À propos du film Indigènes, différent sur l’interprétation des faits.
À peine l’Allemagne a-t-elle capitulé, Manuel est envoyé avec la Légion et les spahis qui répriment une insurrection à Sétif, « un vrai massacre » qui tourne vite à l’expédition punitive (une centaine de morts chez les Européens, plusieurs milliers chez les indigènes). Blessé, il part suivre ses études de médecine à Paris, puis se marie par amour avec une Espagnole pauvre, mésalliance à l’encontre de l’entre-soi de mise dans les différentes communautés.
« Les « indigènes », au vrai, c’était comme les oiseaux dans le film d’Alfred Hitchcock, ils faisaient partie du paysage. »
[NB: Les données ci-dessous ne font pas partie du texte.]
Lemma lower_cell_S1 t : 0 < t -> lower_cell a (fun j => (height_poly j).[t]) S1.
Proof.
move=> t_gt0; apply: (lower_cell_of_minorant (c := c) (b := - b)) => j S1j;
  rewrite height_polyE ?S1j // (negbTE S1j).
have [/S2DS1_v2/(_ S1j) ->|_] := boolP (j \in S2); first by rewrite subr_lt0.
by have := above_M j t_gt0; have := ler_norm (dotv c (a j) - b); lra.
Qed.

Lemma lower_cell_S2 t : 0 < t -> lower_cell a (fun j => (height_poly j).[t]) S2.
Proof.
move=> t_gt0; apply: (lower_cell_of_minorant (c := 0) (b := 0)) => j S2j;
  rewrite dotv0l addr0 height_polyE.
  have [S1j|] := boolP (j \in S1); last by rewrite S2j.
  by apply/eqP; rewrite subr_eq0 eq_b.
have [S1j|S1j] := boolP (j \in S1); last first.
  rewrite (negbTE S2j); have := above_M j t_gt0.
  by have := normr_ge0 (dotv c (a j) - b); lra.
by rewrite lt_def subr_ge0 ge_b // subr_eq0 eq_b // S2j.
Qed.

(* The monomials ['X^(j.+1)] kill the dependency outside [S1 :|: S2], the
   constant terms kill it at [v2], and the independence of [S1] on [S1]. *)
Lemma height_poly_dep_eq0 (l : 'I_n -> R) :
  \sum_j l j = 0 -> \sum_j l j *: a j = 0 -> \sum_j l j *: height_poly j = 0 ->
  forall j, l j = 0.
Proof.
move=> l0 la lh0.
have out j : j \notin S1 -> j \notin S2 -> l j = 0.
  move=> S1j S2j; have := congr1 (fun p : {poly R} => p`_j.+1) lh0.
  rewrite /= coef0 coef_sum (bigD1 j) //= big1 ?addr0 => [|i ij].
    rewrite coefZ /height_poly (negbTE S1j) (negbTE S2j) coefD coefC coefXn eqxx /=.
    by rewrite add0r mulr1.
  rewrite coefZ /height_poly; case: ifP => _; first by rewrite coefC /= mulr0.
  case: ifP => _; first by rewrite coef0 mulr0.
  rewrite coefD coefC coefXn /= eqSS (inj_eq (@ord_inj n)) eq_sym (negbTE ij).
  by rewrite add0r mulr0.
have eval0 : \sum_j l j * (height_poly j).[0] = 0.
  by rewrite -[RHS](horner0 0) -lh0 horner_sum; apply: eq_bigr => j _; rewrite hornerZ.
have dep_del : \sum_j l j * (dotv c (a j) - b) = 0.
  by rewrite -dotv_combB la l0 dotv0r mul0r subrr.
have l_v2 : l v2 = 0.
  have : \sum_j l j * (dotv c (a j) - b) =
      \sum_j l j * (height_poly j).[0] + l v2 * (dotv c (a v2) - b).
    rewrite (bigD1 v2) //= [X in _ = X + _](bigD1 v2) //= height_polyE (negbTE S1v2) S2v2.
    rewrite mulr0 add0r addrC; congr (_ + _).
    apply: eq_bigr => j jv2; rewrite height_polyE.
    case: ifP => // S1j; case: ifP => S2j.
      by move: jv2; rewrite (S2DS1_v2 S2j (negbT S1j)) eqxx.
    by rewrite out ?S1j ?S2j // !mul0r.
  rewrite dep_del eval0 add0r => /esym/eqP; rewrite mulf_eq0 subr_eq0 (lt_eqF lt_b) orbF.
  by move/eqP.
apply: indepS1 => // j S1j.
by have [S2j|] := boolP (j \in S2); [rewrite (S2DS1_v2 S2j S1j) | apply: out].
Qed.

Theorem regular_triangulation_lifting :
  exists h, regular_triangulation a h /\ lower_cell a h S1 /\ lower_cell a h S2.
Proof.
have dep_of (C : {set 'I_n}) : exists l : 'I_n -> R, ~ affindep_set a C ->
    [/\ forall j, j \notin C -> l j = 0, \sum_j l j = 0, \sum_j l j *: a j = 0
      & exists j, l j != 0].
  have [indepC|/not_affindep_set_dep [l lP]] := pselect (affindep_set a C).
    by exists (fun=> 0) => /(_ indepC).
  by exists l.
have [lam lamP] := choice dep_of.
have [t t_gt0 t_nonroot] := exists_pos_nonroot (fun C => \sum_j lam C j *: height_poly j).
exists (fun j => (height_poly j).[t]).
split; last by split; [apply: lower_cell_S1 | apply: lower_cell_S2].
apply: regular_triangulation_of_affindep => C cellC.
apply: contrapT => /lamP [lC l0 la [j lj]].
have P_neq0 : \sum_j lam C j *: height_poly j != 0.
  by apply: contraNneq lj => /(height_poly_dep_eq0 l0 la) ->.
move/negP: (t_nonroot C P_neq0); apply; rewrite /root horner_sum.
under eq_bigr do rewrite hornerZ.
by rewrite (lower_cell_dep cellC lC l0 la).
Qed.

End Lifting.

Lemma ptsR_inj (R : realType) (d n : nat) (aZ : 'I_n -> 'rV[int]_d) :
  injective aZ -> injective (ptsR R aZ).
Proof.
move=> inj_aZ i j /matrixP eq_ij; apply/inj_aZ/matrixP => x y.
by have := eq_ij x y; rewrite !mxE => /intr_inj.
Qed.

Theorem proposition2p5 (R : realType) (d n : nat)
    (aZ : 'I_n -> 'rV[int]_d) (S1 S2 : {set 'I_n}) :
  injective aZ ->
  (d + 2 <= n)%N ->
  has_dim (conv (ptsR R aZ) setT) d ->
  is_simplex (ptsR R aZ) S1 ->
  is_simplex (ptsR R aZ) S2 ->
  share_facet (ptsR R aZ) S1 S2 ->
  (exists h : 'I_n -> R, in_cone (ptsR R aZ) S1 S2 h) /\
  (exists h : 'I_n -> R, regular_triangulation (ptsR R aZ) h /\
      lower_cell (ptsR R aZ) h S1 /\ lower_cell (ptsR R aZ) h S2).
Proof.
move=> inj_aZ _ _ simplex1 simplex2 shared.
have [c [b [v2 [S2DS1 ge_b eq_b lt_b]]]] :=
  share_facet_separation (ptsR_inj (R := R) inj_aZ) simplex1 simplex2 shared.
have [h [tri [cell1 cell2]]] :=
  regular_triangulation_lifting (proj2 simplex1) S2DS1 ge_b eq_b lt_b.
by split; exists h.
Qed.
(* Let $e_1\oplus e_2$ be a subexpression of the clique-width $k$-expression $e_G$ and let $C,N\in[0,\mathcal{N}]^{k\times q}$. Let $N_1\in[0,\mathcal{N}]^{k\times q}$ be defined by $N_1[i,a]=0$ for every $i\in\overline{\ell(e_1)}$ and every color $a$, and $N_1[i,a]=N[i,a]$ for every $i\notin\overline{\ell(e_1)}$ and every color $a$; define $N_2$ analogously with respect to $e_2$. Then $\lambda(e_1\oplus e_2,C,N)$ equals the minimum of $\lambda(e_1,C_1,N_1)\circledast\lambda(e_2,C_2,N_2)$ over all $C_1,C_2\in[0,\mathcal{N}]^{k\times q}$ such that $C_1[i,a]=0$ for all $i\in\overline{\ell(e_1)}$ and all $a$, $C_2[i,a]=0$ for all $i\in\overline{\ell(e_2)}$ and all $a$, and $C[i,a]=\min(\mathcal{N},C_1[i,a]+C_2[i,a])$ for all $i\in[1,k]$ and all $a\in\mathrm{Colors}$.
   Context: Weight set: $(\mathrm{Weights},\preceq,\circledast)$ where $\preceq$ is a total order with a maximum element $\mathrm{Error}$, $\min$ is the minimum w.r.t. $\preceq$ (minimum of an empty set is $\mathrm{Error}$), and $\circledast$ is commutative, associative, has a neutral element, has absorbing element $\mathrm{Error}$, and satisfies $s_1\preceq s_2\Rightarrow s_1\circledast s_3\preceq s_2\circledast s_3$. A color-counting 1-locally checkable problem is given by a graph $G$, colors $\mathrm{Colors}=\{a_1,\ldots,a_q\}$, nonempty lists $L_v\subseteq\mathrm{Colors}$, weights $w_{v,a}\in\mathrm{Weights}\setminus\{\mathrm{Error}\}$ ($a\in L_v$), and a function $check(v,a,n_1,\ldots,n_q)\in\{\mathrm{True},\mathrm{False}\}$. $\mathcal{N}\in[1,|V(G)|]$ is an integer with $check(v,a,n_1,\ldots,n_q)=check(v,a,\min(\mathcal{N},n_1),\ldots,\min(\mathcal{N},n_q))$ always. $[x,y]=\{x,\ldots,y\}$. $e_G$ is an irredundant clique-width $k$-expression of $G$ (operations $i(v)$, $\oplus$, $\eta_{i,j}$, $\rho_{i\to j}$; irredundant means no join adds an already existing edge), in which every relabeling $\rho_{i\to j}(e)$ has some vertex of $G_e$ of label $j$. For a subexpression $e$, $G_e$ is its labeled graph, $\ell_e(v)$ the label of $v$ in $G_e$, and $\overline{\ell(e)}$ the set of labels in $[1,k]$ carried by no vertex of $G_e$. For $C,N\in[0,\mathcal{N}]^{k\times q}$ (rows = labels, columns = colors), a coloring $c$ of $G_e$ with $c(v)\in L_v$ for all $v$ is a $(C,N)$-coloring of $G_e$ if (C1) $\min(\mathcal{N},|\{v\in V(G_e): c(v)=a,\ \ell_e(v)=i\}|)=C[i,a]$ for all $i,a$; and (C2) for all $v\in V(G_e)$, $check(v,c(v),n_1,\ldots,n_q)$ holds with $n_j=\min(\mathcal{N},N[\ell_e(v),a_j]+|\{u\in N_{G_e}(v):c(u)=a_j\}|)$. $\lambda(e,C,N)$ is the minimum of $\circledast_{v\in V(G_e)}w_{v,c(v)}$ over all $(C,N)$-colorings $c$ of $G_e$ ($\mathrm{Error}$ if none). *)

From HB Require Import structures.
From mathcomp Require Import all_boot all_order.
Set Implicit Arguments. Unset Strict Implicit. Unset Printing Implicit Defensive.
Import Order.TTheory.
Local Open Scope order_scope.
« Après Sétif, la tragédie n’a plus qu’à débiter les strophes et antistrophes du malheur. Une mécanique fatale, avec ses assassinats, ses trahisons, ses dilemmes insensés, sa longue chaîne de souffrances et de ressentiment. »

Les attentats du FLN commencent comme naît Thomas, le narrateur, qui aborde ses souvenirs d’enfance.
« …] le portrait que je trace de mon père en me fiant au seul recours de ma mémoire est moins fidèle, je m’en aperçois, moins réel que les fictions inventées ou reconstruites pour rendre compte de sa vie avant ma naissance. »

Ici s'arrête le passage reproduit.